وَالَّذٖينَ هُمْ عَنِ اللَّغْوِ مُعْرِضُونَۙ
“Faydasız işlerden, boş sözlerden yüz çevirirler.” (Mü’minun/3)

Çok konuşmak ya da bir başka ifadeyle gevezelik hiçbir literatürde övülmemiştir. Kimse lüzumsuz ve boş konuşanları sevmez. Tasavvufta da sakınılmasını gerekenlerden biridir çok konuşmak.  

           Şems-i Tebrizi; “susmak, cümlenin istirahat halidir. İstirahat bitince çıkan cümle dinç olur, çok konuşup cümleyi yorma, yoksa cümle âlem yorulur” derken tabiri caizse sükutun altın gibi değerli oluşunu ifade etmeye çalışır belki de.

           Hz.

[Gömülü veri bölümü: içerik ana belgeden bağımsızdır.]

Theorem mainTheorem4 (R : realType) (n : nat) (hn : (3 <= n)%N) :
  (* k = 0: V |-> V_1 is a bijection from the stabilizer onto linear fields
     (linear fields  <->  n x n matrices A, V_1^l = sum_i A l i x_i) *)
  (forall G : chris R n, conn_jet 0 G ->
     forall A : 'M[R]_n,
       exists V : vfield R n,
         (stab 0 G V /\ forall l i : 'I_n, (V l)@_U_(i) = A l i) /\
         (forall V' : vfield R n,
            stab 0 G V' -> (forall l i : 'I_n, (V' l)@_U_(i) = A l i) ->
            forall l, V' l = V l)) /\
  (* k >= 1: trivial stabilizer on an open dense subset of F_k *)
  (forall k : nat, (1 <= k)%N ->
     exists S : chris R n -> Prop,
       (forall G, S G -> conn_jet k G) /\ jet_open k S /\ jet_dense k S /\
       forall G, S G -> forall V : vfield R n, stab k G V -> forall l, V l = 0).
Proof.
split=> [G G_sym A | k k_gt0].
  have V0stab := stab0_field_stab A G_sym.
  exists (stab0_field G A); split=> [|V' V'stab V'A]; first by split=> //; exact: stab0_field_coefU.
  by apply: stab_lin_inj V'stab V0stab _ => l s; rewrite V'A stab0_field_coefU.
exists (generic_jet k); split=> [G []//|]; split; first exact: generic_jet_open.
split; first exact: generic_jet_dense hn k_gt0.
by move=> G G_gen V; exact: generic_jet_stab k_gt0 G_gen.
Qed.
(* Let $n \ge 2$, $k \ge 1$ and $n_i, m_i \in \mathbb{Z}\setminus\{0\}$ for $1 \le i \le k$, and let $G$ be the group presented by $\mathcal{P}_n(n_1,\dots,n_k;m_1,\dots,m_k)$. Then: (i) if $N$ denotes the normal subgroup of $G$ generated by $xyxy^{-1}$, there is a group isomorphism $G/N \cong Q_{4n}$ sending $x \mapsto x$, $y \mapsto y$; (ii) the abelianisations satisfy $G^{\mathrm{ab}} \cong Q_{4n}^{\mathrm{ab}}$.
   Context: $Q_{4n} = \langle x, y \mid x^n y^{-2}, xyxy^{-1} \rangle$. With $n_{k+1} = 1 - \sum_{i=1}^k n_i$, $m_{k+1} = 1 - \sum_{i=1}^k m_i$, $\mathcal{P}_n(n_1,\dots,n_k;m_1,\dots,m_k) = \langle x, y \mid x^n y^{-2},\ x^{n_1} y x^{m_1} y^{-1} \cdots x^{n_{k+1}} y x^{m_{k+1}} y^{-1} \rangle$. *)

From Stdlib Require Import ZArith List.
Import ListNotations.
Open Scope Z_scope.

Record Grp := {
  gcar :> Type;
  gmul : gcar -> gcar -> gcar;
  gone : gcar;
  ginv : gcar -> gcar;
  gmulA : forall a b c, gmul a (gmul b c) = gmul (gmul a b) c;
  gmul1g : forall a, gmul gone a = a;
  gmulg1 : forall a, gmul a gone = a;
  gmulVg : forall a, gmul (ginv a) a = gone;
  gmulgV : forall a, gmul a (ginv a) = gone
}.

Arguments gmul {g}.
Arguments gone {g}.
Arguments ginv {g}.

Fixpoint gpowN {G : Grp} (g : G) (n : nat) : G :=
  match n with O => gone | S m => gmul g (gpowN g m) end.

Definition gpowZ {G : Grp} (g : G) (z : Z) : G :=
  match z with
  | Z0 => gone
  | Zpos p => gpowN g (Pos.to_nat p)
  | Zneg p => ginv (gpowN g (Pos.to_nat p))
  end.

Definition is_hom {G H : Grp} (f : G -> H) : Prop :=
  forall a b, f (gmul a b) = gmul (f a) (f b).

Definition surj {A B : Type} (f : A -> B) : Prop := forall b, exists a, f a = b.

Definition abelian (G : Grp) : Prop := forall a b : G, gmul a b = gmul b a.

Inductive gen2 {G : Grp} (a b : G) : G -> Prop :=
| gen2_1 : gen2 a b gone
| gen2_a : gen2 a b a
| gen2_b : gen2 a b b
| gen2_mul : forall u v, gen2 a b u -> gen2 a b v -> gen2 a b (gmul u v)
| gen2_inv : forall u, gen2 a b u -> gen2 a b (ginv u).

Inductive ncl {G : Grp} (r : G) : G -> Prop :=
| ncl_1 : ncl r gone
| ncl_conj : forall g, ncl r (gmul g (gmul r (ginv g)))
| ncl_mul : forall u v, ncl r u -> ncl r v -> ncl r (gmul u v)
| ncl_inv : forall u, ncl r u -> ncl r (ginv u).

Definition comm {G : Grp} (g h : G) : G :=
  gmul (ginv g) (gmul (ginv h) (gmul g h)).

Inductive derived (G : Grp) : G -> Prop :=
| der_1 : derived G gone
| der_comm : forall g h, derived G (comm g h)
| der_mul : forall u v, derived G u -> derived G v -> derived G (gmul u v)
| der_inv : forall u, derived G u -> derived G (ginv u).

(* A relator family: for every group H and images of x, y, the list of
   relator words evaluated there. *)
Definition relators := forall H : Grp, H -> H -> list H.

Definition presents (G : Grp) (x y : G) (R : relators) : Prop :=
  (forall r, In r (R G x y) -> r = gone) /\
  (forall g : G, gen2 x y g) /\
  (forall (H : Grp) (c d : H), (forall r, In r (R H c d) -> r = gone) ->
     exists f : G -> H, is_hom f /\ f x = c /\ f y = d).

Definition Q4n_rels (n : nat) : relators := fun H x y =>
  [ gmul (gpowN x n) (ginv (gpowN y 2));
    gmul x (gmul y (gmul x (ginv y))) ].

Definition sumZ (l : list Z) : Z := fold_right Z.add 0 l.

Definition Pn_word {H : Grp} (x y : H) (ns ms : list Z) : H :=
  fold_right (fun p acc =>
      gmul (gmul (gpowZ x (fst p)) (gmul y (gmul (gpowZ x (snd p)) (ginv y)))) acc)
    gone
    (combine (ns ++ [1 - sumZ ns]) (ms ++ [1 - sumZ ms])).

Definition Pn_rels (n : nat) (ns ms : list Z) : relators := fun H x y =>
  [ gmul (gpowN x n) (ginv (gpowN y 2)); Pn_word x y ns ms ].

From Stdlib Require Import ZArith List Lia.
From Stdlib Require Import ClassicalEpsilon FunctionalExtensionality PropExtensionality ProofIrrelevance.
Import ListNotations.

(* Both presentations share the relator x^n y^-2.  Whenever conjugation by y
   inverts x, the long relator of P_n collapses to x^(Σ n_i - Σ m_i) = 1, since
   both sums (with the (k+1)-st terms) equal 1; so Q_4n is the quotient of G by
   the normal closure N of x y x y^-1, and the map G -> Q_4n has kernel exactly
   N because G/N satisfies the relations of Q_4n.  In an abelian group the long
   relator instead becomes x^(Σ n_i + Σ m_i) = x^2 = x y x y^-1, so both
   presentations define the same abelianisation. *)

Local Notation "a · b" := (gmul a b) (at level 40, left associativity).
Local Notation "a ⁻¹" := (ginv a) (at level 3, format "a ⁻¹").
Lemma exchange_back (T T' : {set E}) e1 e2 :
  spanning_arborescence tl hd root T -> spanning_arborescence tl hd root T' ->
  e1 \in T -> e1 \notin T' -> tl e2 = tl e1 -> ~~ reach T (hd e2) (tl e1) ->
  (forall f, f \in T' -> tl f \in Sigma tl hd T (hd e2) (tl e1) -> f \in T \/ f = e2) ->
  e2 \in T' /\ spanning_arborescence tl hd root (e1 |: (T' :\ e2)).
Proof.
move=> arbT arbT' e1T e1T' te21 uv agree.
set u := hd e2 in uv agree *; set v := tl e1 in te21 uv agree *.
set S := Sigma tl hd T u v in agree.
have /spanning_arborescenceP [outT reachT] := arbT.
have /spanning_arborescenceP [outT' reachT'] := arbT'.
have [z zm] := is_merge_exists u v arbT; have /and3P [uz vz _] := zm.
have vz_neq : v != z by apply: contraNneq uv => ->.
have e2T' : e2 \in T'.
  have [f fT' tf] := out_edge_exists outT' (tl_neq_root outT e1T).
  case: (agree f fT') => [|fT|<- //]; first by rewrite tf in_Sigma_of_not_reach.
  by move: e1T'; rewrite -(out_edge_uniq outT fT e1T tf) fT'.
have agree_step a b : a \in S -> a != v -> erel T a b -> erel T' a b.
  move=> aS av; apply: erel_agree outT outT' _ => f fT' tf.
  case: (agree f fT') => [|//|fe2]; first by rewrite tf.
  by move: av; rewrite -tf fe2 te21 eqxx.
have uz' : reach T' u z.
  apply: connect_sub_before uz => a b anz ua az; apply: agree_step.
    by apply: in_Sigma_before_merge arbT zm _ az anz; rewrite ua.
  by apply: contraNneq uv => <-.
have zv' : ~~ reach T' z v.
  apply: contra_neqN vz_neq => zv.
  apply: (connect_antisym (erel_deterministic outT') (erel_root_sink outT') reachT' _ zv).
  by apply: connect_trans (connect1 _) uz'; apply/erelP; exists e2.
have ev1 : erel T v (hd e1) by apply/erelP; exists e1.
have v1z : reach (T' :\ e2) (hd e1) z.
  have v1z : reach T (hd e1) z.
    case: (connect_first_step vz) => [zv|[c vc cz]]; first by rewrite zv eqxx in vz_neq.
    by rewrite (erel_deterministic outT ev1 vc).
  apply: connect_sub_before v1z => a b anz v1a az eab.
  have av : a != v.
    apply/eqP => av; rewrite av in v1a.
    exact: (no_closed_walk (erel_deterministic outT) (erel_root_sink outT) reachT ev1 v1a).
  apply: erel_setD1; first by rewrite te21.
  apply: agree_step av eab; apply: in_Sigma_before_merge arbT zm _ az anz.
  by rewrite (connect_trans (connect1 ev1) v1a) orbT.
split=> //; apply: (exchange_spanning_arborescence arbT' e2T' te21).
by apply: connect_trans v1z (reach_setD1 _ (reachT' z)); rewrite te21.
Qed.

End Arborescences.

Local Open Scope ring_scope.

Section Weights.
Variables (E : finType) (R : realFieldType) (w : E -> R).

Lemma weight_setD1 (T : {set E}) a : a \in T -> weight w T = w a + weight w (T :\ a).
Proof. by move=> aT; rewrite /weight (big_setD1 a). Qed.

Mevlana der ki; “sükut denizdir söylemekse ırmağa benzer. O halde deniz seni arayıp dururken, sen ırmağı arama.” Sükut duyabilenler için, en güzel sestir. Okyanus gibidir. Denizin dalgalarında suskunluğun derin analizini yaparsın.

         Öyle bir suskunluk ki bizimkisi, dışımız sükût, içimiz kıyamet sanki. Sözde bir mana varsa, sükûtta bin bir mana vardır. Dilim lal olmuş gönlüm buruk. Tek olan “O” bilir gönlümü, sükût içinde sükût…

        “Kalbe sözden çok sükûttan manalar akar” derken, Hz. Şemsi Tebriz-i haksız sayılmaz. Abdülkadir Geylani hazretleri “ya Rab! Halim sana âyan, söze ne hacet!” derken sessizliğin derinliğine işaret eder. Nuri Pakdil de, “Sükût Suretinde” adlı eserinde; “El değmemiş o sabır/Arkadaş kıl tartan terazi misin /Artıyor katsayısı direnişin /Sükût suretinde /Çok koyu düşer ses” derken, sükûtun adeta resmini çizer.

          Çok az olmakla birlikte bazı insanlar bilirim,hiç konuşmaz susar dururlar. Halbuki onlar susarak konuşurlar. Bir çeşit sükuti sohbet yaparlar sizinle adeta. Çok konuşanı da sevmezler. Dinlendikleri için, akabinde ağızlarından iki çift kelam ettiklerinde de, sözleri çok dinç ve etkileyicidir.  

         Öyle bir suskunluk olmalı ki bizimkisi, dışımız sükût, içimiz kıyamet. Sözde bir mana varsa, sükûtta bin bir mana vardır. Dil lal, gönül buruk. Tek olan “O” bilir şu gönlümüzü, sükût içinde sükût…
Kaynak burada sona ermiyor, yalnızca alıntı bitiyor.